Banco de Inglaterra: a história – Parte III

Última parte do artigo acerca da história do Banco da Inglaterra.

Após a aventura republicana e o regresso da monarquia, surgiu a ideia dum banco central inglês.

O Banco da Inglaterra

Em 1639, William Patterson publicou um panfleto cujo título era A Brief Account of the intended Bank of England. Era um mercante com pouco faro para os negócios, que em passado até tinha prestado serviço como pirata nas Bahamas: portanto bem conhecia o assunto. Segundo Patterson, “este banco teria o benefício dos juros sobre o dinheiro que ele pode criar a partir do nada”.

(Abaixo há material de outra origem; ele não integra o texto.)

Let factor_other i j : (j <> i)%nat -> (j <> n + i)%nat -> forall t, factor i j t = 1.
Proof.
  intros H1 H2 t. unfold factor. destruct (Nat.ltb i n); auto.
  destruct (Nat.eqb_spec j i); try lia. destruct (Nat.eqb_spec j (n + i)); try lia. auto.
Qed.

Let factor_const i j : (n <= i)%nat -> forall t, factor i j t = 1.
Proof. intros H t. unfold factor. destruct (Nat.ltb_spec i n); try lia. auto. Qed.

Let factor_U i t : (i < n)%nat -> factor i i t = U i t.
Proof. intros H. unfold factor. destruct (Nat.ltb_spec i n); try lia. rewrite Nat.eqb_refl. auto. Qed.

Let factor_V i t : (i < n)%nat -> factor i (n + i) t = V i t.
Proof.
  intros H. unfold factor. destruct (Nat.ltb_spec i n); try lia.
  destruct (Nat.eqb_spec (n + i) i); try lia. rewrite Nat.eqb_refl. auto.
Qed.

Let factor_disjoint i i' j : i <> i' ->
  (forall t, factor i j t = 1) \/ (forall t, factor i' j t = 1).
Proof.
  intros Hii. destruct (Nat.le_gt_cases n i); [left; apply factor_const; auto|].
  destruct (Nat.le_gt_cases n i'); [right; apply factor_const; auto|].
  destruct (Nat.eq_dec j i) as [->|H1]; [right; apply factor_other; lia|].
  destruct (Nat.eq_dec j (n + i)) as [->|H2]; [right; apply factor_other; lia|].
  left; apply factor_other; lia.
Qed.

Let pair_moment (i i' j : nat) : R :=
  if Nat.eqb i i' then gauss_mean (fun t => factor i j t * factor i j t)
  else gauss_mean (factor i j) * gauss_mean (factor i' j).

Let is_improper_pair_moment i i' j :
  is_improper (fun t => phi t * (factor i j t * factor i' j t)) (pair_moment i i' j).
Proof.
  unfold pair_moment. destruct (Nat.eqb_spec i i') as [<-|Hne].
  - apply gauss_mean_spec, quad_dominated_mult_integrable; apply factor_dominated.
  - destruct (factor_disjoint i i' j Hne) as [H|H]; rewrite (gauss_mean_one _ H).
    + apply is_improper_ext with (fun t => phi t * factor i' j t). intro; rewrite H; ring.
      rewrite Rmult_1_l. apply gauss_mean_spec, quad_dominated_integrable, factor_dominated.
    + apply is_improper_ext with (fun t => phi t * factor i j t). intro; rewrite H; ring.
      rewrite Rmult_1_r. apply gauss_mean_spec, quad_dominated_integrable, factor_dominated.
Qed.

Let summand_mean i := if Nat.ltb i n then meanU i * meanV i else 1.
Let summand_sqmean i := if Nat.ltb i n then sqmeanU i * sqmeanV i else 1.

Let rprod_factor_support (g : nat -> R) i : (i < n)%nat ->
  (forall j, (j < 2 * n)%nat -> j <> i -> j <> (n + i)%nat -> g j = 1) ->
  rprod (2 * n) g = g i * g (n + i)%nat.
Proof.
  intros Hi Hg. rewrite (rprod_two_support _ _ i (n + i)) by (auto; lia).
  destruct (Nat.ltb_spec i (2 * n)), (Nat.ltb_spec (n + i) (2 * n)); try lia. reflexivity.
Qed.

Let rprod_factor i z : rprod (2 * n) (fun j => factor i j (z j)) =
  if Nat.ltb i n then U i (z i) * V i (z (n + i)%nat) else 1.
Proof.
  destruct (Nat.ltb_spec i n).
  - rewrite (rprod_factor_support _ i) by (auto; intros; apply factor_other; lia).
    rewrite factor_U, factor_V; auto.
  - apply rprod_one. intros; apply factor_const; lia.
Qed.

Let rprod_mean_factor i : rprod (2 * n) (fun j => gauss_mean (factor i j)) = summand_mean i.
Proof.
  unfold summand_mean. destruct (Nat.ltb_spec i n).
  - rewrite (rprod_factor_support _ i); auto.
    + f_equal; apply gauss_mean_eq.
      * apply is_improper_ext with (2 := U_mean i). intro t. rewrite factor_U; auto.
      * apply is_improper_ext with (2 := V_mean i). intro t. rewrite factor_V; auto.
    + intros j _ H1 H2. apply gauss_mean_one. intro t. apply factor_other; lia.
  - apply rprod_one. intros. apply gauss_mean_one. intro; apply factor_const; lia.
Qed.
(* There is $p_0\in(0,2/3)$ such that for every $p\in[0,p_0)$, $$\lim_{n\to\infty}\mathbf P_p\left(\xi^1_{\lceil (C_0(p)+1)\log n\rceil}\neq\emptyset\right)=0,\qquad\text{where } C_0(p)=\frac{2}{\log(2/(1+p))}.$$
   Context: Fix an integer $r\ge3$. Let $V_n=\{1,\dots,n\}$ with $rn$ even. Let $\mathbb P$ be the law of the random multigraph $G_n$ on $V_n$ obtained by giving each vertex $r$ half-edges and pairing all $rn$ half-edges uniformly at random, and $\tilde{\mathbb P}=\mathbb P(\cdot\mid G_n\text{ is simple})$, with expectation $\tilde{\mathbb E}$. Given $G_n$ and $p\in[0,1]$, the threshold-two contact process $(\xi_t)_{t\ge0}$, $\xi_t\subseteq V_n$, is the discrete-time Markov chain in which, given $\xi_t$, independently for each vertex $x$: $x\in\xi_{t+1}$ with probability $p$ if $x$ has at least two neighbors in $\xi_t$, and $x\notin\xi_{t+1}$ otherwise. Its law given $G_n$ is $P_{G_n,p}$, and $\mathbf P_p=\tilde{\mathbb E}\,P_{G_n,p}$. $\xi^1_t$ denotes the process started from $\xi_0=V_n$. *)

From HB Require Import structures.
From mathcomp Require Import all_boot all_order all_algebra.
From mathcomp Require Import all_classical all_reals.
From mathcomp Require Import reals_stdlib.Rstruct.
From mathcomp Require Import exp.
Set Implicit Arguments. Unset Strict Implicit. Unset Printing Implicit Defensive.
Import Order.TTheory GRing.Theory Num.Theory.
Local Open Scope ring_scope.

Notation R := Rdefinitions.R.

(* half-edges: vertex x in 'I_n carries r half-edges (x, i), i : 'I_r *)
Definition halfedge (n r : nat) := ('I_n * 'I_r)%type.

(* a pairing (perfect matching) of the half-edges, encoded as a
   fixed-point-free involution *)
Definition is_pairing (n r : nat) (f : {ffun halfedge n r -> halfedge n r}) : bool :=
  [forall h, (f (f h) == h) && (f h != h)].

Definition pairing_simple (n r : nat) (f : {ffun halfedge n r -> halfedge n r}) : bool :=
  [forall h, (f h).1 != h.1] &&
  [forall h, forall h', ((h != h') && (h.1 == h'.1)) ==> ((f h).1 != (f h').1)].

Definition adj (n r : nat) (f : {ffun halfedge n r -> halfedge n r}) (x y : 'I_n) : bool :=
  [exists h : halfedge n r, (h.1 == x) && ((f h).1 == y)].

(* the set of pairings giving a simple graph (support of tilde P) *)
Definition simple_pairings (n r : nat) : {set {ffun halfedge n r -> halfedge n r}} :=
  [set f | is_pairing f && pairing_simple f].

Definition two_nbrs (n r : nat) (f : {ffun halfedge n r -> halfedge n r})
  (A : {set 'I_n}) (x : 'I_n) : bool :=
  (1 < #|[set y | adj f x y && (y \in A)]|)%N.

Definition trans (n r : nat) (f : {ffun halfedge n r -> halfedge n r}) (p : R)
  (A B : {set 'I_n}) : R :=
  \prod_(x : 'I_n)
    (if two_nbrs f A x then (if x \in B then p else 1 - p)
     else (if x \in B then 0 else 1)).

(* law of xi_t started from xi_0 = V_n, under P_{G_n,p} *)
Fixpoint law (n r : nat) (f : {ffun halfedge n r -> halfedge n r}) (p : R) (t : nat)
  : {set 'I_n} -> R :=
  match t with
  | 0%N => fun B => if B == [set: 'I_n] then 1 else 0
  | t'.+1 => fun B => \sum_(A : {set 'I_n}) law f p t' A * trans f p A B
  end.

(* P_{G_n,p}(xi^1_t <> empty) *)
Definition survive (n r : nat) (f : {ffun halfedge n r -> halfedge n r}) (p : R) (t : nat) : R :=
  \sum_(B : {set 'I_n} | B != finset.set0) law f p t B.

(* annealed probability  \mathbf P_p(xi^1_t <> empty) = tilde E P_{G_n,p}(...) *)
Definition annealed_survive (n r : nat) (p : R) (t : nat) : R :=
  (#|simple_pairings n r|%:R)^-1 * \sum_(f in simple_pairings n r) survive f p t.

Definition C0 (p : R) : R := 2 / ln (2 / (1 + p)).

Definition Tn (p : R) (n : nat) : nat := `|Num.ceil ((C0 p + 1) * ln (n%:R))|%N.

(** A first-moment bound, valid on every graph of degree at most [r]: a vertex
    is occupied at time [t+1] only if two of its at most [r] neighbours were
    occupied at time [t] and its own coin succeeds, so by a union bound over
    one of these neighbours [P(x \in xi_t) <= (r p)^t]. Hence
    [P(xi_t <> empty) <= n (r p)^t]. Taking [p0 = 1/(r e^2)], for [p < p0]
    one has [r p <= e^-2], and since [Tn p n >= log n] this is at most
    [n e^(-2 log n) = 1/n]. *)

From HB Require Import structures.
From mathcomp Require Import all_boot all_order all_algebra.
From mathcomp Require Import all_classical all_reals.
From mathcomp Require Import reals_stdlib.Rstruct.
From mathcomp Require Import exp.
From mathcomp Require Import sequences ring lra.
Import Order.TTheory GRing.Theory Num.Theory.
Local Open Scope ring_scope.

Lemma sum_set_prod (n : nat) (c : 'I_n -> bool -> R) :
  \sum_(B : {set 'I_n}) \prod_(x : 'I_n) c x (x \in B) =
  \prod_(x : 'I_n) (c x true + c x false).
Proof.
under [RHS]eq_bigr => x _ do rewrite -big_bool.
rewrite bigA_distr_bigA /= (reindex (fun B : {set 'I_n} => [ffun x => x \in B])).
  by apply: eq_bigr => B _; apply: eq_bigr => x _; rewrite ffunE.
exists (fun g : {ffun 'I_n -> bool} => [set x | g x]) => [B _|g _].
  by apply/setP => x; rewrite inE ffunE.
by apply/ffunP => x; rewrite ffunE inE.
Qed.

Lemma natr_card_sum (T : finType) (S : {set T}) : #|S|%:R = \sum_y (y \in S)%:R :> R.
Proof. by rewrite -sum1_card natr_sum big_mkcond; apply: eq_bigr => y _; case: (y \in S). Qed.

Section FirstMoment.
Variables (n r : nat) (f : {ffun halfedge n r -> halfedge n r}) (p : R).
Hypotheses (p_ge0 : 0 <= p) (p_le1 : p <= 1).

Lemma trans_ge0 A B : 0 <= trans f p A B.
Proof.
by apply: prodr_ge0 => x _; case: two_nbrs; case: (x \in B); rewrite ?subr_ge0.
Qed.

Lemma law_ge0 t B : 0 <= law f p t B.
Proof.
elim: t B => [|t IH] B /=; first by case: (B == _).
by apply: sumr_ge0 => A _; rewrite mulr_ge0 ?trans_ge0.
Qed.

Lemma survive_ge0 t : 0 <= survive f p t.
Proof. by apply: sumr_ge0 => B _; apply: law_ge0. Qed.

(* The transition kernel is a product over vertices, so summing over [B]
   factorizes and every vertex other than [x] contributes a factor [1]. *)
Lemma trans_marginal A x :
  \sum_(B : {set 'I_n}) trans f p A B * (x \in B)%:R =
  if two_nbrs f A x then p else 0.
Proof.
pose c (y : 'I_n) (b : bool) : R :=
  if two_nbrs f A y then (if b then p else 1 - p) else (if b then 0 else 1).
pose cx (y : 'I_n) (b : bool) : R := if (y == x) && ~~ b then 0 else c y b.
have trans_indicator B : trans f p A B * (x \in B)%:R = \prod_y cx y (y \in B).
  rewrite /trans (bigD1 x) //= [RHS](bigD1 x) //= /cx eqxx.
  under [in RHS]eq_bigr => y /negPf -> do [].
  by case: (x \in B); rewrite ?mulr1 ?mulr0 ?mul0r.
under eq_bigr => B _ do rewrite trans_indicator.
rewrite sum_set_prod (bigD1 x) //= big1 ?mulr1.
  by rewrite /cx /c eqxx addr0; case: two_nbrs.
by move=> y /negPf yx; rewrite /cx yx /c; case: two_nbrs => /=; lra.
Qed.

Lemma card_adj_le x : (#|[set y | adj f x y]| <= r)%N.
Proof.
apply: (@leq_trans #|[set (f (x, i)).1 | i in 'I_r]|).
  apply/subset_leq_card/fintype.subsetP => y; rewrite inE.
  by case/existsP=> -[x' i] /andP [/= /eqP -> /eqP <-]; apply/imsetP; exists i.
by rewrite (leq_trans (leq_imset_card _ _)) ?card_ord.
Qed.

Definition occupancy t x := \sum_(B : {set 'I_n}) law f p t B * (x \in B)%:R.

Lemma occupancy_step t x :
  occupancy t.+1 x <= p * \sum_y (adj f x y)%:R * occupancy t y.
Proof.
have -> : occupancy t.+1 x
    = \sum_A law f p t A * (if two_nbrs f A x then p else 0).
  rewrite /occupancy /=; under eq_bigr => B _ do rewrite mulr_suml.
  rewrite exchange_big /=; apply: eq_bigr => A _.
  by rewrite -trans_marginal mulr_sumr; apply: eq_bigr => B _; rewrite mulrA.
have -> : p * \sum_y (adj f x y)%:R * occupancy t y
    = \sum_A law f p t A * (p * \sum_y (adj f x y)%:R * (y \in A)%:R).
  under [RHS]eq_bigr => A _ do rewrite !mulr_sumr.
  rewrite exchange_big mulr_sumr /=; apply: eq_bigr => y _.
  rewrite /occupancy !mulr_sumr; apply: eq_bigr => A _.
  by ring.
apply: ler_sum => A _; apply: ler_wpM2l; first exact: law_ge0.
have nbrs_ge0 : 0 <= \sum_y (adj f x y)%:R * (y \in A)%:R :> R.
  by apply: sumr_ge0 => y _; apply: mulr_ge0.
case: ifP => [two|_]; last exact: mulr_ge0.
have -> : \sum_y (adj f x y)%:R * (y \in A)%:R
    = #|[set y | adj f x y && (y \in A)]|%:R :> R.
  rewrite natr_card_sum; apply: eq_bigr => y _; rewrite inE.
  by case: adj; case: (y \in A); rewrite ?mulr1 ?mulr0.
by rewrite ler_peMr // ler1n ltnW.
Qed.

Lemma occupancy_le t x : occupancy t x <= (r%:R * p) ^+ t.
Proof.
elim: t x => [|t IH] x.
  rewrite /occupancy /= (bigD1 [set: 'I_n]) //= big1 ?eqxx ?inE ?mulr1 ?addr0 //.
  by move=> B /negPf ->; rewrite mul0r.
apply: (le_trans (occupancy_step t x)).
rewrite exprS -mulrA mulrCA; apply: ler_wpM2l => //.
apply: le_trans (_ : \sum_y (adj f x y)%:R * (r%:R * p) ^+ t <= _).
  by apply: ler_sum => y _; apply: ler_wpM2l.
rewrite -mulr_suml ler_wpM2r ?exprn_ge0 ?mulr_ge0 //.
have -> : \sum_y (adj f x y)%:R = #|[set y | adj f x y]|%:R :> R.
  by rewrite natr_card_sum; apply: eq_bigr => y _; rewrite inE.
by rewrite ler_nat card_adj_le.
Qed.

Lemma survive_le_sum_occupancy t : survive f p t <= \sum_x occupancy t x.
Proof.
rewrite /occupancy exchange_big /= /survive big_mkcond /=.
apply: ler_sum => B _; rewrite -mulr_sumr -natr_card_sum.
case: ifP => [B0|_]; last by rewrite mulr_ge0 ?law_ge0.
by rewrite ler_peMr ?law_ge0 // ler1n card_gt0.
Qed.

Lemma survive_le t : survive f p t <= n%:R * (r%:R * p) ^+ t.
Proof.
apply: (le_trans (survive_le_sum_occupancy t)).
rewrite mulr_natl -[n in _ *+ n]card_ord -sumr_const.
by apply: ler_sum => x _; apply: occupancy_le.
Qed.

End FirstMoment.

Lemma annealed_survive_ge0 n r (p : R) t : 0 <= p -> p <= 1 ->
  0 <= annealed_survive n r p t.
Proof.
move=> p_ge0 p_le1; rewrite mulr_ge0 ?invr_ge0 //.
by apply: sumr_ge0 => g _; apply: survive_ge0.
Qed.

Lemma annealed_survive_le n r (p : R) t : 0 <= p -> p <= 1 ->
  annealed_survive n r p t <= n%:R * (r%:R * p) ^+ t.
Proof.
move=> p_ge0 p_le1; rewrite /annealed_survive.
set N := #|simple_pairings n r|; set b := n%:R * _.
have b_ge0 : 0 <= b by rewrite mulr_ge0 ?exprn_ge0 ?mulr_ge0.
have [->|N_gt0] := posnP N; first by rewrite invr0 mul0r.
apply: le_trans (_ : N%:R^-1 * (b *+ N) <= _).
  by rewrite ler_wpM2l ?invr_ge0 // -sumr_const; apply: ler_sum => g _; apply: survive_le.
by rewrite -(mulr_natr b) mulrCA mulVf ?mulr1 // pnatr_eq0 -lt0n.
Qed.

Lemma ln_le_Tn (p : R) n : 0 <= p -> p <= 1 -> ln (n%:R : R) <= (Tn p n)%:R.
Proof.
move=> p_ge0 p_le1; have [->|n_gt0] := posnP n; first by rewrite ln0.
have lnn_ge0 : 0 <= ln (n%:R : R) by rewrite ln_ge0 // ler1n.
have C0_ge0 : 0 <= C0 p.
  by rewrite divr_ge0 // ln_ge0 // ler_pdivlMr ?mul1r; lra.
apply: le_trans (_ : (C0 p + 1) * ln n%:R <= _).
  by rewrite -[X in X <= _]mul1r ler_wpM2r //; lra.
by rewrite (le_trans (ceil_ge _)) // /Tn natr_absz ler_int ler_norm.
Qed.

(* [e^2 q <= 1] and [t >= log m] give [q^t <= e^(-2t) <= m^-2]. *)
Lemma mul_expn_le_inv (q : R) (m : R) t : 0 <= q -> expR 1 ^+ 2 * q <= 1 ->
  1 <= m -> ln m <= t%:R -> m * q ^+ t <= m^-1.
Proof.
move=> q_ge0 eq_le1 m_ge1 ln_le; have m_gt0 : 0 < m by lra.
have m_le : m <= expR 1 ^+ t by rewrite -[m]lnK ?posrE // -expRM_natr mul1r ler_expR.
have -> : m * q ^+ t = m^-1 * (m ^+ 2 * q ^+ t).
  by rewrite expr2 !mulrA mulVf ?mul1r ?lt0r_neq0.
rewrite -[X in _ <= X]mulr1 ler_wpM2l ?invr_ge0 ?(ltW m_gt0) //.
apply: (@le_trans _ _ ((expR 1 ^+ 2 * q) ^+ t)); last by rewrite exprn_ile1 ?mulr_ge0 ?exprn_ge0 ?expR_ge0.
rewrite exprMn -exprM mulnC exprM ler_wpM2r ?exprn_ge0 // !expr2.
by rewrite ler_pM ?(ltW m_gt0).
Qed.

Theorem corollary1 (r : nat) (hr : (3 <= r)%N) :
  exists p0 : R, 0 < p0 /\ p0 < 2 / 3 /\
    forall p : R, 0 <= p -> p < p0 ->
      forall eps : R, 0 < eps ->
        exists N : nat, forall n : nat, (N <= n)%N -> ~~ odd (r * n) ->
          `|annealed_survive n r p (Tn p n)| < eps.
Proof.
set X : R := r%:R * expR 1 ^+ 2.
have X_ge3 : 3 <= X.
  by rewrite -[3 : R]mulr1 ler_pM ?ler_nat ?expr_ge1 ?(ltW (pexpR_gt1 ltr01)) ?exprn_ge0 ?expR_ge0.
have X_gt0 : 0 < X by lra.
exists X^-1; split; first by rewrite invr_gt0.
split; first by rewrite invf_plt ?posrE ?divr_gt0 // invf_div; lra.
move=> p p_ge0 p_lt eps eps_gt0.
have pX_le1 : p * X <= 1 by rewrite -ler_pdivlMr // div1r ltW.
have p_le1 : p <= 1 by nra.
have rp_ge0 : 0 <= r%:R * p by rewrite mulr_ge0.
have e2rp_le1 : expR 1 ^+ 2 * (r%:R * p) <= 1.
  by rewrite [X in X <= _](_ : _ = p * X) // /X; ring.
have eps_inv_lt : eps^-1 < (Num.bound eps^-1)%:R.
  by apply: archi_boundP; rewrite invr_ge0 ltW.
exists (Num.bound eps^-1).+1 => n n_gt _.
have n_ge1 : 1 <= n%:R :> R by rewrite ler1n (leq_trans _ n_gt).
rewrite ger0_norm ?annealed_survive_ge0 //.
apply: le_lt_trans (annealed_survive_le _ _ _ _ p_ge0 p_le1) _.
apply: le_lt_trans (mul_expn_le_inv _ _ _ rp_ge0 e2rp_le1 n_ge1 (ln_le_Tn _ _ p_ge0 p_le1)) _.
rewrite -[eps]invrK ltf_pV2 ?posrE ?invr_gt0 ?(lt_le_trans ltr01 n_ge1) //.
by apply: lt_trans eps_inv_lt _; rewrite ltr_nat.
Qed.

Em 21 de Junho de 1694 as listas de subscrição foram abertas para juntar o dinheiro necessário (um capital de 1,2 milhões de Libras), na seguinte Segunda-feira o valor já tinha sido alcançado. O propósito ostensivo do banco era emprestar dinheiro ilimitado ao rei William com juros de 8% ao ano, isso para permitir a continuação da guerra contra Luís XIV de França. O banco, então, teria recebido da Coroa 100.000 Libras por ano sob forma de interesses, mais uns adicionais 4.000 Libras como custos de administração.

Os estatutos do banco tinham sido aperfeiçoados por Serjeant Levinz, um judeu que trabalhava como advogado em Amsterdam.

Todavia houve forte oposição à criação do banco. A maioria dos ourives e dos agiotas eram contrários, pois temiam que o banco teria entrado na posse do negócio dos empréstimos; os proprietários de casas e a pequena nobreza era assustada pelos juros que teria vindo a acompanhar a circulação de dinheiro no País. E não eram ideias erradas.

Por isso a discussão no Parlamento aconteceu numa altura particular.

Na época, a Câmara dos Comuns tinha 512 membros, dos quais 243 Tories, 241 Whigs e 28 membros dos quais não é conhecida a orientação. Cerca de dois terços dos membros eram senhores de terras, 20% dos quais analfabetos. A lei foi debatida em 27 de Julho de 1694, em pleno Verão, quando a maioria dos membros era ocupado nos assuntos ligados à prática agrícola: apenas 42 membros estavam presentes, todos Whigs (os Tories eram contra a lei) e o título da Lei proposta nem fazia menção do Banco, escondido numa linguagem ininteligível para os não iniciados.

A lei iniciava da seguinte forma:

William e Mary, pela graça de Deus rei e rainha da Inglaterra, Escócia, França e Irlanda, defensores da fé, [etc.]. Para todos aqueles presentes são estas saudações…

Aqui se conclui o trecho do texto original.